▸ **What to work on**: From the listing that follows, extract every line and set it down unaltered.

....

Lemma not_stuck c :
  (forall v, c v = None -> #|seen_colors c v| < k) -> ~ stuck e c.
Proof.
move=> few [v [cv nolegal]]; have [a notseen] := exists_color_notin (few v cv).
by apply: (nolegal a); apply/legalP.
Qed.

Lemma safe_seen_colors c v : safe c v -> c v = None -> #|seen_colors c v| < k.
Proof.
rewrite /safe inE => /orP [/eqP // | small] _.
by apply: leq_ltn_trans small; rewrite leq_addr.
Qed.

Lemma colored_recolor c x a : colored (recolor c x a) = x |: colored c.
Proof. by apply/setP => y; rewrite !inE /recolor; case: (y == x). Qed.

Lemma uncolored_nbrs_recolor c x a v :
  uncolored_nbrs (recolor c x a) v = uncolored_nbrs c v :\ x.
Proof. by rewrite /uncolored_nbrs colored_recolor setDDl setUC. Qed.

Lemma seen_colors_recolor c x a v : seen_colors (recolor c x a) v \subset a |: seen_colors c v.
Proof.
apply/subsetP => b; rewrite !inE /recolor => /existsP [y /andP [vy]].
case: (y =P x) => [_ /eqP [->] | _ cy]; first by rewrite eqxx.
by apply/orP; right; apply/existsP; exists y; rewrite vy.
Qed.

Lemma seen_colors_recolor_nonadj c x a v :
  ~~ e v x -> seen_colors (recolor c x a) v \subset seen_colors c v.
Proof.
move=> vNx; apply/subsetP => b; rewrite !inE /recolor => /existsP [y /andP [vy]].
case: (y =P x) => [yx | _ cy]; first by rewrite -yx vy in vNx.
by apply/existsP; exists y; rewrite vy.
Qed.

Lemma card_seen_colors_recolor c x a v :
  #|seen_colors (recolor c x a) v| <= #|seen_colors c v| + e v x.
Proof.
have [vx | vNx] := boolP (e v x).
  apply: leq_trans (subset_leq_card (seen_colors_recolor c x a v)) _.
  by rewrite cardsU1 addnC leq_add2l leq_b1.
by rewrite addn0; apply/subset_leq_card/seen_colors_recolor_nonadj.
Qed.
Lemma hr_sup_spec x : is_limsup (near_hy x) (fun w => u (fst w) (snd w)) (hr_sup u x).
Proof.
  destruct (limsup_exists (near_hy x) (near_hy_mono x) (near_hy_nonempty x)
              (fun w => u (fst w) (snd w))) as [L HL].
  - exists 1, C. split; [lra | apply u_bounded_near].
  - unfold hr_sup. rewrite (limsup_val_spec _ _ _ HL). exact HL.
Qed.

Lemma Rabs_hr_sup_le x : Rabs (hr_sup u x) <= C.
Proof.
  apply (Rabs_limsup_le (near_hy x) (near_hy_mono x) (near_hy_nonempty x)
           (fun w => u (fst w) (snd w)) _ C 1);
    [lra | apply hr_sup_spec | apply u_bounded_near].
Qed.

Lemma hr_sup_usc : usc (hr_sup u).
Proof.
  intros x eps He. destruct (proj1 (hr_sup_spec x) (eps / 2)) as [dl [Hdl Hw]]; [lra|].
  exists (dl / 2). split; [lra|]. intros y Hy.
  destruct (proj2 (hr_sup_spec y) (eps / 2) (dl / 2)) as [w [Hw1 Hw2]]; [lra | lra |].
  specialize (Hw w (near_hy_shift x y dl w Hy Hw1)). lra.
Qed.
End BoundedSup.

Section BoundedInf.
Variable u : R -> Clos Om -> R.
Variable C : R.
Hypothesis u_bounded : forall h x, 0 < h -> Rabs (u h x) <= C.

Let opp_u_bounded h x : 0 < h -> Rabs (- u h x) <= C.
Proof. rewrite Rabs_Ropp. apply u_bounded. Qed.

Lemma Rabs_hr_inf_le x : Rabs (hr_inf u x) <= C.
Proof. rewrite hr_inf_opp, Rabs_Ropp. exact (Rabs_hr_sup_le _ C opp_u_bounded x). Qed.

Lemma hr_inf_lsc : lsc (hr_inf u).
Proof.
  intros x eps He. destruct (hr_sup_usc _ C opp_u_bounded x eps He) as [dl [Hdl Hy]].
  exists dl. split; auto. intros y Hxy. specialize (Hy y Hxy). rewrite !hr_inf_opp. lra.
Qed.

Lemma hr_inf_le_sup x : hr_inf u x <= hr_sup u x.
Proof.
  exact (limsup_opp_le (near_hy x) (near_hy_mono x) (near_hy_nonempty x) _ _ _
           (hr_sup_spec u C u_bounded x) (hr_sup_spec _ C opp_u_bounded x)).
Qed.
End BoundedInf.
End HalfRelaxed.
(* Assume A2, let $x\in\mathcal I$ and suppose the $x$-threshold word $\pi$ exists. Then (1) if $00$ occurs as a factor of $\pi$, then $\pi=L_n(w)$ for some word $w$ and some $n\ge1$; (2) if $11$ occurs as a factor of $\pi$, then $\pi=R_n(w)$ for some word $w$ and some $n\ge1$.
   Context: Words are finite strings over $\{0,1\}$; $w^\omega$ is the infinite repetition of $w$. Let $\mathcal I\subseteq\mathbb R$ be an interval and $\phi_0,\phi_1:\mathcal I\to\mathcal I$. For a word $w$ put $\phi_w:=\phi_{w_{|w|}}\circ\cdots\circ\phi_{w_1}$ (first letter applied first), $\phi_\epsilon=\mathrm{id}$. Assumption A2: for all $x<y$ in $\mathcal I$ and $k\in\{0,1\}$, $\phi_k(x)<\phi_k(y)$ and $\phi_k(y)-\phi_k(x)<y-x$; moreover $\phi_0,\phi_1$ have fixed points $y_0,y_1\in\mathcal I$ with $y_1<y_0$. The $x$-threshold orbit is the sequence $(x_k)_{k\ge1}$ with $x_1=\phi_1(x)$ and $x_{k+1}=\phi_1(x_k)$ if $x_k\ge x$, $x_{k+1}=\phi_0(x_k)$ if $x_k<x$. The $x$-threshold word is the shortest non-empty finite word $\pi$ such that $x_{k+1}=\phi_{(\pi^\omega)_k}(x_k)$ for all $k\ge1$, when such a word exists. For $p\ge1$, $L_p$ and $R_p$ are the word morphisms (substitutions) determined by $L_p(0)=0^{p+1}1$, $L_p(1)=0^p1$, $R_p(0)=01^p$, $R_p(1)=01^{p+1}$, extended to words by concatenation. *)

(* real numbers from Stdlib Reals, words as lists of bool
   (letter 0 = false, letter 1 = true). *)
From Stdlib Require Import Reals List.
Import ListNotations.
Open Scope R_scope.

Definition word := list bool.

Definition phi_of (phi0 phi1 : R -> R) (k : bool) : R -> R :=
  if k then phi1 else phi0.

Definition is_interval (I : R -> Prop) : Prop :=
  forall a b c, I a -> I c -> a <= b -> b <= c -> I b.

....

▸ **Final answer**:
Lemma not_stuck c :
  (forall v, c v = None -> #|seen_colors c v| < k) -> ~ stuck e c.
Proof.
move=> few [v [cv nolegal]]; have [a notseen] := exists_color_notin (few v cv).
by apply: (nolegal a); apply/legalP.
Qed.

Lemma safe_seen_colors c v : safe c v -> c v = None -> #|seen_colors c v| < k.
Proof.
rewrite /safe inE => /orP [/eqP // | small] _.
by apply: leq_ltn_trans small; rewrite leq_addr.
Qed.

Lemma colored_recolor c x a : colored (recolor c x a) = x |: colored c.
Proof. by apply/setP => y; rewrite !inE /recolor; case: (y == x). Qed.

Lemma uncolored_nbrs_recolor c x a v :
  uncolored_nbrs (recolor c x a) v = uncolored_nbrs c v :\ x.
Proof. by rewrite /uncolored_nbrs colored_recolor setDDl setUC. Qed.

Lemma seen_colors_recolor c x a v : seen_colors (recolor c x a) v \subset a |: seen_colors c v.
Proof.
apply/subsetP => b; rewrite !inE /recolor => /existsP [y /andP [vy]].
case: (y =P x) => [_ /eqP [->] | _ cy]; first by rewrite eqxx.
by apply/orP; right; apply/existsP; exists y; rewrite vy.
Qed.

Lemma seen_colors_recolor_nonadj c x a v :
  ~~ e v x -> seen_colors (recolor c x a) v \subset seen_colors c v.
Proof.
move=> vNx; apply/subsetP => b; rewrite !inE /recolor => /existsP [y /andP [vy]].
case: (y =P x) => [yx | _ cy]; first by rewrite -yx vy in vNx.
by apply/existsP; exists y; rewrite vy.
Qed.

Lemma card_seen_colors_recolor c x a v :
  #|seen_colors (recolor c x a) v| <= #|seen_colors c v| + e v x.
Proof.
have [vx | vNx] := boolP (e v x).
  apply: leq_trans (subset_leq_card (seen_colors_recolor c x a v)) _.
  by rewrite cardsU1 addnC leq_add2l leq_b1.
by rewrite addn0; apply/subset_leq_card/seen_colors_recolor_nonadj.
Qed.
Lemma hr_sup_spec x : is_limsup (near_hy x) (fun w => u (fst w) (snd w)) (hr_sup u x).
Proof.
  destruct (limsup_exists (near_hy x) (near_hy_mono x) (near_hy_nonempty x)
              (fun w => u (fst w) (snd w))) as [L HL].
  - exists 1, C. split; [lra | apply u_bounded_near].
  - unfold hr_sup. rewrite (limsup_val_spec _ _ _ HL). exact HL.
Qed.

Lemma Rabs_hr_sup_le x : Rabs (hr_sup u x) <= C.
Proof.
  apply (Rabs_limsup_le (near_hy x) (near_hy_mono x) (near_hy_nonempty x)
           (fun w => u (fst w) (snd w)) _ C 1);
    [lra | apply hr_sup_spec | apply u_bounded_near].
Qed.

Lemma hr_sup_usc : usc (hr_sup u).
Proof.
  intros x eps He. destruct (proj1 (hr_sup_spec x) (eps / 2)) as [dl [Hdl Hw]]; [lra|].
  exists (dl / 2). split; [lra|]. intros y Hy.
  destruct (proj2 (hr_sup_spec y) (eps / 2) (dl / 2)) as [w [Hw1 Hw2]]; [lra | lra |].
  specialize (Hw w (near_hy_shift x y dl w Hy Hw1)). lra.
Qed.
End BoundedSup.

Section BoundedInf.
Variable u : R -> Clos Om -> R.
Variable C : R.
Hypothesis u_bounded : forall h x, 0 < h -> Rabs (u h x) <= C.

Let opp_u_bounded h x : 0 < h -> Rabs (- u h x) <= C.
Proof. rewrite Rabs_Ropp. apply u_bounded. Qed.

Lemma Rabs_hr_inf_le x : Rabs (hr_inf u x) <= C.
Proof. rewrite hr_inf_opp, Rabs_Ropp. exact (Rabs_hr_sup_le _ C opp_u_bounded x). Qed.

Lemma hr_inf_lsc : lsc (hr_inf u).
Proof.
  intros x eps He. destruct (hr_sup_usc _ C opp_u_bounded x eps He) as [dl [Hdl Hy]].
  exists dl. split; auto. intros y Hxy. specialize (Hy y Hxy). rewrite !hr_inf_opp. lra.
Qed.

Lemma hr_inf_le_sup x : hr_inf u x <= hr_sup u x.
Proof.
  exact (limsup_opp_le (near_hy x) (near_hy_mono x) (near_hy_nonempty x) _ _ _
           (hr_sup_spec u C u_bounded x) (hr_sup_spec _ C opp_u_bounded x)).
Qed.
End BoundedInf.
End HalfRelaxed.
(* Assume A2, let $x\in\mathcal I$ and suppose the $x$-threshold word $\pi$ exists. Then (1) if $00$ occurs as a factor of $\pi$, then $\pi=L_n(w)$ for some word $w$ and some $n\ge1$; (2) if $11$ occurs as a factor of $\pi$, then $\pi=R_n(w)$ for some word $w$ and some $n\ge1$.
   Context: Words are finite strings over $\{0,1\}$; $w^\omega$ is the infinite repetition of $w$. Let $\mathcal I\subseteq\mathbb R$ be an interval and $\phi_0,\phi_1:\mathcal I\to\mathcal I$. For a word $w$ put $\phi_w:=\phi_{w_{|w|}}\circ\cdots\circ\phi_{w_1}$ (first letter applied first), $\phi_\epsilon=\mathrm{id}$. Assumption A2: for all $x<y$ in $\mathcal I$ and $k\in\{0,1\}$, $\phi_k(x)<\phi_k(y)$ and $\phi_k(y)-\phi_k(x)<y-x$; moreover $\phi_0,\phi_1$ have fixed points $y_0,y_1\in\mathcal I$ with $y_1<y_0$. The $x$-threshold orbit is the sequence $(x_k)_{k\ge1}$ with $x_1=\phi_1(x)$ and $x_{k+1}=\phi_1(x_k)$ if $x_k\ge x$, $x_{k+1}=\phi_0(x_k)$ if $x_k<x$. The $x$-threshold word is the shortest non-empty finite word $\pi$ such that $x_{k+1}=\phi_{(\pi^\omega)_k}(x_k)$ for all $k\ge1$, when such a word exists. For $p\ge1$, $L_p$ and $R_p$ are the word morphisms (substitutions) determined by $L_p(0)=0^{p+1}1$, $L_p(1)=0^p1$, $R_p(0)=01^p$, $R_p(1)=01^{p+1}$, extended to words by concatenation. *)

(* real numbers from Stdlib Reals, words as lists of bool
   (letter 0 = false, letter 1 = true). *)
From Stdlib Require Import Reals List.
Import ListNotations.
Open Scope R_scope.

Definition word := list bool.

Definition phi_of (phi0 phi1 : R -> R) (k : bool) : R -> R :=
  if k then phi1 else phi0.

Definition is_interval (I : R -> Prop) : Prop :=
  forall a b c, I a -> I c -> a <= b -> b <= c -> I b.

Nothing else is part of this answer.